Common causes of damage to the facial nerve after exiting the cranial cavity: Facial trauma; Inflammatory process, swelling of the salivary gland; local cooling, often in combination with influenza infection (Bell's palsy); Inflammatory processes in the middle ear play an important role in the development of neuritis; Metabolic or infectious damage to nerves (polyneuropathy); Sometimes after tooth extraction under mandibular anesthesia (pain relief in dentistry during interventions on the teeth of the lower jaw); Diabetes mellitus (insufficient supply of glucose and blood to the nerve).

Slide 6

Symptoms of neuritis, neuropathy of the facial nerve. Neuritis of the facial nerve is clinically manifested by facial asymmetry as a result of paresis or paralysis of the muscles of the corresponding half of the face. On the side of the nerve lesion, the folds of the skin of the forehead are smoothed or absent, the palpebral fissure is widened, the nasolabial fold is smoothed and lowered, the lower lip hangs down. When showing teeth or laughing, the mouth is pulled to the healthy side. When opening the mouth, the angle on the process side is sharper than on the healthy side. When the eyebrows are raised upward, horizontal folds of the skin of the forehead are not formed, since the eyebrow of the paralyzed side does not rise. When closing the eyes, the eyelids do not close completely and the palpebral fissure on the side of the nerve lesion gapes. The patient cannot stretch out his lips, whistle, or kiss.

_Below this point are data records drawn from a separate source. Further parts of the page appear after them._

(* Let $k$ be a field of characteristic zero, $n\ge1$, $S=k[x_1,\ldots,x_n]$, and $(S,L)$ a triangularizable Lie–Rinehart algebra with basis $\alpha_1,\ldots,\alpha_n$ and enveloping algebra $U$. The restriction of $d^0:U\to\mathcal{X}^1$, $d^0(u)=\sum_{k=1}^n[u,x_k]\hat x_k$, to $F_1U=S\oplus\bigoplus_{i=1}^nS\alpha_i$ has kernel $F_0U=S$.
   Context: Triangularizable: $L\subseteq\operatorname{Der}(S)$ an $S$-submodule and Lie subalgebra, free with basis of derivations $\alpha_1,\ldots,\alpha_n$ such that $\alpha_i(x_j)=0$ for $i>j$ and $\alpha_1(x_1)\cdots\alpha_n(x_n)\neq0$. $U$ is the universal enveloping algebra of $(S,L)$, with $[\alpha,s]=\alpha(s)$. $\mathcal{X}^1=U\otimes_k W^*$ where $W=\operatorname{span}_k(x_1,\ldots,x_n)$ and $\hat x_1,\ldots,\hat x_n$ is the dual basis. $F_pU$ is the $S$-span of the monomials $\alpha_n^{i_n}\cdots\alpha_1^{i_1}$ with $i_1+\cdots+i_n\le p$. *)

From HB Require Import structures.
From mathcomp Require Import all_boot all_order all_algebra.
From mathcomp Require Import multinomials.mpoly.
Set Implicit Arguments. Unset Strict Implicit. Unset Printing Implicit Defensive.
Import GRing.Theory.
Local Open Scope ring_scope.

(* S = k[x_1,...,x_n] is {mpoly k[n]}; variable x_(i+1) is 'X_i, i : 'I_n. *)

Definition isDer (k : fieldType) (n : nat) (D : {mpoly k[n]} -> {mpoly k[n]}) : Prop :=
  [/\ forall p q, D (p + q) = D p + D q,
      forall (c : k) p, D (c *: p) = c *: D p
    & forall p q, D (p * q) = p * D q + D p * q].

Definition inL (k : fieldType) (n : nat) (alpha : 'I_n -> {mpoly k[n]} -> {mpoly k[n]})
  (D : {mpoly k[n]} -> {mpoly k[n]}) : Prop :=
  exists c : 'I_n -> {mpoly k[n]}, forall p, D p = \sum_(i < n) c i * alpha i p.

Definition triangularizable (k : fieldType) (n : nat)
  (alpha : 'I_n -> {mpoly k[n]} -> {mpoly k[n]}) : Prop :=
  [/\ forall i, isDer (alpha i),
      forall c : 'I_n -> {mpoly k[n]},
        (forall p, \sum_(i < n) c i * alpha i p = 0) -> forall i, c i = 0,
      forall D E, inL alpha D -> inL alpha E -> inL alpha (fun p => D (E p) - E (D p)),
      forall i j : 'I_n, (j < i)%N -> alpha i 'X_j = 0
    & \prod_(i < n) alpha i 'X_i != 0].

Definition LR_compatible (k : fieldType) (n : nat)
  (alpha : 'I_n -> {mpoly k[n]} -> {mpoly k[n]}) (A : pzRingType)
  (phi : {rmorphism {mpoly k[n]} -> A}) (psi : ({mpoly k[n]} -> {mpoly k[n]}) -> A) : Prop :=
  [/\ forall D E, inL alpha D -> inL alpha E ->
        psi (fun p => D p + E p) = psi D + psi E,
      forall s D, inL alpha D -> psi (fun p => s * D p) = phi s * psi D,
      forall D E, inL alpha D -> inL alpha E ->
        psi (fun p => D (E p) - E (D p)) = psi D * psi E - psi E * psi D
    & forall D s, inL alpha D -> psi D * phi s - phi s * psi D = phi (D s)].

Definition is_enveloping (k : fieldType) (n : nat)
  (alpha : 'I_n -> {mpoly k[n]} -> {mpoly k[n]}) (U : pzRingType)
  (iota : {rmorphism {mpoly k[n]} -> U}) (j : ({mpoly k[n]} -> {mpoly k[n]}) -> U) : Prop :=
  LR_compatible alpha iota j /\
  forall (A : pzRingType) (phi : {rmorphism {mpoly k[n]} -> A})
         (psi : ({mpoly k[n]} -> {mpoly k[n]}) -> A),
    LR_compatible alpha phi psi ->
    exists f : {rmorphism U -> A},
      [/\ forall s, f (iota s) = phi s,
          forall D, inL alpha D -> f (j D) = psi D
        & forall g : {rmorphism U -> A},
            (forall s, g (iota s) = phi s) ->
            (forall D, inL alpha D -> g (j D) = psi D) -> forall u, g u = f u].

Definition F1U (k : fieldType) (n : nat) (alpha : 'I_n -> {mpoly k[n]} -> {mpoly k[n]})
  (U : pzRingType) (iota : {rmorphism {mpoly k[n]} -> U})
  (j : ({mpoly k[n]} -> {mpoly k[n]}) -> U) (u : U) : Prop :=
  exists (s : {mpoly k[n]}) (c : 'I_n -> {mpoly k[n]}),
    u = iota s + \sum_(i < n) iota (c i) * j (alpha i).

Definition F0U (k : fieldType) (n : nat) (U : pzRingType)
  (iota : {rmorphism {mpoly k[n]} -> U}) (u : U) : Prop :=
  exists s : {mpoly k[n]}, u = iota s.

(* X^1 = U (x) W^*, free U-module with basis xhat_1..xhat_n, represented by
   coefficient vectors 'I_n -> U; d^0 u = sum_k [u, x_k] xhat_k. *)
Definition d0 (k : fieldType) (n : nat) (U : pzRingType)
  (iota : {rmorphism {mpoly k[n]} -> U}) (u : U) : 'I_n -> U :=
  fun m => u * iota 'X_m - iota 'X_m * u.

(** The regular representation of (S, L) on S itself -- S acting by
    multiplication, L by derivations, inside the ring of additive
    endomorphisms of S -- is compatible with the Lie-Rinehart relations, so by
    universality it factors through U; evaluating at 1 shows that
    iota : S -> U is injective.  For u = s + sum_i c_i alpha_i in F_1U the
    relation [alpha, s] = alpha(s) gives [u, x_m] = sum_i c_i alpha_i(x_m), so
    d^0 u = 0 says that the row vector c lies in the left kernel of the matrix
    (alpha_i(x_m))_(i,m).  This matrix is upper triangular with determinant
    prod_i alpha_i(x_i) != 0, hence c = 0 and u = s. *)

From HB Require Import structures.
From mathcomp Require Import all_boot all_order all_algebra.
From mathcomp Require Import multinomials.mpoly.
From mathcomp Require Import boolp.
Set Implicit Arguments. Unset Strict Implicit. Unset Printing Implicit Defensive.
Import GRing.Theory.
Local Open Scope ring_scope.

Record addEnd (V : zmodType) := AddEnd {
  addEnd_fun :> V -> V;
  addEnd_additive : {morph addEnd_fun : x y / x + y}
}.

Lemma addEnd_ext (V : zmodType) (f g : addEnd V) : f =1 g -> f = g.
Proof.
case: f g => f fD [g gD] /= /funext fg; subst g.
by rewrite (Prop_irrelevance fD gD).
Qed.

HB.instance Definition _ (V : zmodType) := gen_eqMixin (addEnd V).
HB.instance Definition _ (V : zmodType) := gen_choiceMixin (addEnd V).

Section AdditiveEndomorphisms.
Variable V : zmodType.
Implicit Types f g h : addEnd V.

Definition addEnd0 : addEnd V := @AddEnd V (fun=> 0) (fun _ _ => esym (addr0 0)).

Definition addEnd_opp f : addEnd V :=
  @AddEnd V (fun x => - f x) (fun x y => ltac:(by rewrite /= addEnd_additive opprD)).

Definition addEnd_add f g : addEnd V :=
  @AddEnd V (fun x => f x + g x)
    (fun x y => ltac:(by rewrite /= !addEnd_additive addrACA)).

Definition addEnd1 : addEnd V := @AddEnd V id (fun _ _ => erefl).

Definition addEnd_comp f g : addEnd V :=
  @AddEnd V (fun x => f (g x)) (fun x y => ltac:(by rewrite /= !addEnd_additive)).

Lemma addEnd_addA : associative addEnd_add.
Proof. by move=> f g h; apply: addEnd_ext => x /=; rewrite addrA. Qed.

Lemma addEnd_addC : commutative addEnd_add.
Proof. by move=> f g; apply: addEnd_ext => x /=; rewrite addrC. Qed.

Lemma addEnd_add0 : left_id addEnd0 addEnd_add.
Proof. by move=> f; apply: addEnd_ext => x /=; rewrite add0r. Qed.

Lemma addEnd_addN : left_inverse addEnd0 addEnd_opp addEnd_add.
Proof. by move=> f; apply: addEnd_ext => x /=; rewrite addNr. Qed.

HB.instance Definition _ :=
  GRing.isZmodule.Build (addEnd V) addEnd_addA addEnd_addC addEnd_add0 addEnd_addN.

Lemma addEnd_compA : associative addEnd_comp.
Proof. by move=> f g h; apply: addEnd_ext. Qed.

Lemma addEnd_comp1 : left_id addEnd1 addEnd_comp.
Proof. by move=> f; apply: addEnd_ext. Qed.

Lemma addEnd_compr1 : right_id addEnd1 addEnd_comp.
Proof. by move=> f; apply: addEnd_ext. Qed.

Lemma addEnd_compDl : left_distributive addEnd_comp +%R.
Proof. by move=> f g h; apply: addEnd_ext. Qed.

Lemma addEnd_compDr : right_distributive addEnd_comp +%R.
Proof. by move=> f g h; apply: addEnd_ext => x /=; rewrite addEnd_additive. Qed.

HB.instance Definition _ := GRing.Zmodule_isPzRing.Build (addEnd V)
  addEnd_compA addEnd_comp1 addEnd_compr1 addEnd_compDl addEnd_compDr.

Lemma addEndD f g x : (f + g) x = f x + g x. Proof. by []. Qed.
Lemma addEndN f x : (- f) x = - f x. Proof. by []. Qed.
Lemma addEndM f g x : (f * g) x = f (g x). Proof. by []. Qed.

(* Maps that are not additive are sent to the junk value 0. *)
Definition addEnd_of (D : V -> V) : addEnd V :=
  if pselect {morph D : x y / x + y} is left DD then AddEnd DD else 0.

Lemma addEnd_ofE (D : V -> V) : {morph D : x y / x + y} -> addEnd_of D =1 D.
Proof. by rewrite /addEnd_of; case: pselect. Qed.

End AdditiveEndomorphisms.

Section RegularRepresentation.
Variable R : comPzRingType.

Definition mulEnd (s : R) : addEnd R := @AddEnd R ( *%R s) (mulrDr s).

Lemma mulEnd_is_zmod_morphism : zmod_morphism mulEnd.
Proof. by move=> s t; apply: addEnd_ext => x /=; rewrite mulrBl. Qed.

Lemma mulEnd_is_monoid_morphism : monoid_morphism mulEnd.
Proof.
split=> [|s t]; apply: addEnd_ext => x /=; first by rewrite mul1r.
by rewrite mulrA.
Qed.

HB.instance Definition _ := GRing.isZmodMorphism.Build R (addEnd R) mulEnd
  mulEnd_is_zmod_morphism.
HB.instance Definition _ := GRing.isMonoidMorphism.Build R (addEnd R) mulEnd
  mulEnd_is_monoid_morphism.

End RegularRepresentation.

Section LieRinehart.
Variables (k : fieldType) (n : nat) (alpha : 'I_n -> {mpoly k[n]} -> {mpoly k[n]}).
Local Notation S := {mpoly k[n]}.

Lemma inL_basis i : inL alpha (alpha i).
Proof.
exists (fun l => (l == i)%:R) => p.
rewrite (bigD1 i) //= eqxx mul1r big1 ?addr0 // => l /negbTE->.
by rewrite mul0r.
Qed.

Hypothesis alpha_der : forall i, isDer (alpha i).

Lemma inL_additive D : inL alpha D -> {morph D : x y / x + y}.
Proof.
case=> c Dc x y; rewrite !Dc -big_split; apply: eq_bigr => i _ /=.
by case: (alpha_der i) => -> _ _; rewrite mulrDr.
Qed.

Lemma inL_Leibniz D : inL alpha D -> forall x y, D (x * y) = x * D y + D x * y.
Proof.
case=> c Dc x y; rewrite !Dc mulr_sumr mulr_suml -big_split.
apply: eq_bigr => i _ /=; case: (alpha_der i) => _ _ ->.
by rewrite mulrDr mulrCA [c i * (_ * y)]mulrA.
Qed.

Lemma regular_LR_compatible : LR_compatible alpha (@mulEnd S) (@addEnd_of S).
Proof.
split=> [D E /inL_additive DD /inL_additive ED | s D /inL_additive DD
        | D E /inL_additive DD /inL_additive ED | D s /[dup] LD /inL_additive DD];
  apply: addEnd_ext => x.
- rewrite addEndD !addEnd_ofE // => y z.
  by rewrite DD ED addrACA.
- rewrite addEndM !addEnd_ofE // => y z.
  by rewrite DD mulrDr.
- rewrite addEndD addEndN !addEndM !addEnd_ofE // => y z.
  by rewrite !(DD, ED) opprD addrACA.
- rewrite addEndD addEndN !addEndM !addEnd_ofE //=.
  by rewrite inL_Leibniz // addrAC subrr add0r.
Qed.

Variables (U : pzRingType) (iota : {rmorphism S -> U}) (j : (S -> S) -> U).
Hypothesis envU : is_enveloping alpha iota j.

Lemma enveloping_inj : injective iota.
Proof.
have [f [f_iota _ _]] := envU.2 _ _ _ regular_LR_compatible.
apply: raddf_inj => t /(congr1 (fun u => f u 1)).
by rewrite f_iota rmorph0 /= mulr1.
Qed.

Lemma d0_F1U s (c : 'I_n -> S) :
  d0 iota (iota s + \sum_(i < n) iota (c i) * j (alpha i)) =1
  fun m => iota (\sum_(i < n) c i * alpha i 'X_m).
Proof.
have [[_ _ _ bracket] _] := envU.
move=> m; rewrite /d0 mulrDl mulrDr opprD addrACA -!rmorphM mulrC subrr add0r.
rewrite mulr_suml mulr_sumr -sumrB rmorph_sum; apply: eq_bigr => i _.
rewrite rmorphM -bracket; last exact: inL_basis.
by rewrite mulrBr !mulrA -!rmorphM ['X_m * _]mulrC.
Qed.

End LieRinehart.

Lemma mulmx_eq0_det (R : idomainType) m n (v : 'M[R]_(m, n)) (A : 'M_n) :
  \det A != 0 -> (v *m A == 0) = (v == 0).
Proof.
move=> detA; apply/eqP/eqP => [vA0 | ->]; last exact: mul0mx.
have: \det A *: v = 0 by rewrite -mul_mx_scalar -mul_mx_adj mulmxA vA0 mul0mx.
by move/eqP; rewrite scalemx_eq0 (negbTE detA) => /eqP.
Qed.

Lemma det_upper_trig (R : comPzRingType) n (A : 'M[R]_n) :
  (forall i j : 'I_n, (j < i)%N -> A i j = 0) -> \det A = \prod_i A i i.
Proof.
move=> A_trig; rewrite -det_tr det_trig; first by apply: eq_bigr => i _; rewrite mxE.
by apply/is_trig_mxP => i j ij; rewrite mxE A_trig.
Qed.

Lemma triangular_lincomb_eq0 (R : idomainType) n (a : 'I_n -> 'I_n -> R)
    (c : 'I_n -> R) :
  (forall i m : 'I_n, (m < i)%N -> a i m = 0) -> \prod_i a i i != 0 ->
  (forall m, \sum_i c i * a i m = 0) -> forall i, c i = 0.
Proof.
move=> a_trig a_diag ca0 i; pose A := \matrix_(l, m) a l m.
have detA : \det A != 0.
  rewrite det_upper_trig => [|l m ml]; last by rewrite mxE a_trig.
  by under eq_bigr do rewrite mxE.
have : \row_l c l *m A == 0.
  apply/eqP/rowP => m; rewrite !mxE -[RHS](ca0 m).
  by apply: eq_bigr => l _; rewrite !mxE.
by rewrite mulmx_eq0_det // => /eqP/rowP/(_ i); rewrite !mxE.
Qed.

Theorem lemma3p1 (k : fieldType) (n : nat) (hk : [pchar k] =i pred0) (hn : (0 < n)%N)
  (alpha : 'I_n -> {mpoly k[n]} -> {mpoly k[n]})
  (htri : triangularizable alpha)
  (U : pzRingType) (iota : {rmorphism {mpoly k[n]} -> U})
  (j : ({mpoly k[n]} -> {mpoly k[n]}) -> U)
  (hU : is_enveloping alpha iota j) :
  forall u : U, (F1U alpha iota j u /\ d0 iota u = (fun _ => 0)) <-> F0U iota u.
Proof.
have [alpha_der _ _ alpha_trig alpha_diag] := htri.
move=> u; split=> [[[s [c ->]] d0u] | [s ->]].
  have c0 : forall i, c i = 0.
    apply: (triangular_lincomb_eq0 (a := fun i m => alpha i 'X_m)) => // m.
    apply: (enveloping_inj alpha_der hU); rewrite rmorph0.
    by rewrite -(d0_F1U hU s c m) d0u.
  by exists s; rewrite big1 ?addr0 // => i _; rewrite c0 rmorph0 mul0r.
split; first by exists s, (fun=> 0); rewrite big1 ?addr0 // => i _; rewrite rmorph0 mul0r.
by apply: funext => m; rewrite /d0 -!rmorphM mulrC subrr.
Qed.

While eating, food gets stuck between the paralyzed cheek and teeth. Superciliary, corneal and conjunctival reflexes are reduced or absent. Depending on the level of nerve damage, the described picture is accompanied by signs of taste disturbance in the area of ​​the anterior two-thirds of the tongue. A herpetic rash in the external auditory canal, increased tear production, and dry eyes are observed.

Slide 7

As a result of neuritis of the facial nerve, a disturbance in the conduction of nerve impulses from the brain to the facial muscles occurs, which is manifested by paresis or paralysis of these muscles.

Slide 8

Treatment of neuritis of the facial nerve Treatment is selected individually in each specific case. It includes a set of procedures: acupuncture, stimulation of the facial nerve and facial muscles (physical therapy and articulation exercises) UHF at the exit point of the facial nerve, vitamins “B”, “C” and “E” antiviral drugs, homeopathic remedies, etc.

Slide 9

In mild cases, facial neuritis may reverse within two to three weeks or even faster. In severe forms of paralysis, paralysis can be complicated by contracture of the affected muscles, manifested by a persistent increase in the tone of the facial muscles. Contractures of the facial muscles usually manifest themselves as a narrowing of the palpebral fissure, pulling upward the corner of the mouth on the affected side. In this case, unpleasant sensations and painful muscle spasms occur on the side of the paresis; it is important that any physical and emotional stress contributes to an even greater narrowing of the palpebral fissure and pulling up the corner of the mouth. In addition, lacrimation increases during chewing (a symptom of “crocodile tears”). At the same time, tics appear in the affected muscles. The result of treatment depends on how quickly the patient sought medical help, as well as on how carefully all recommendations for treatment and rehabilitation were followed.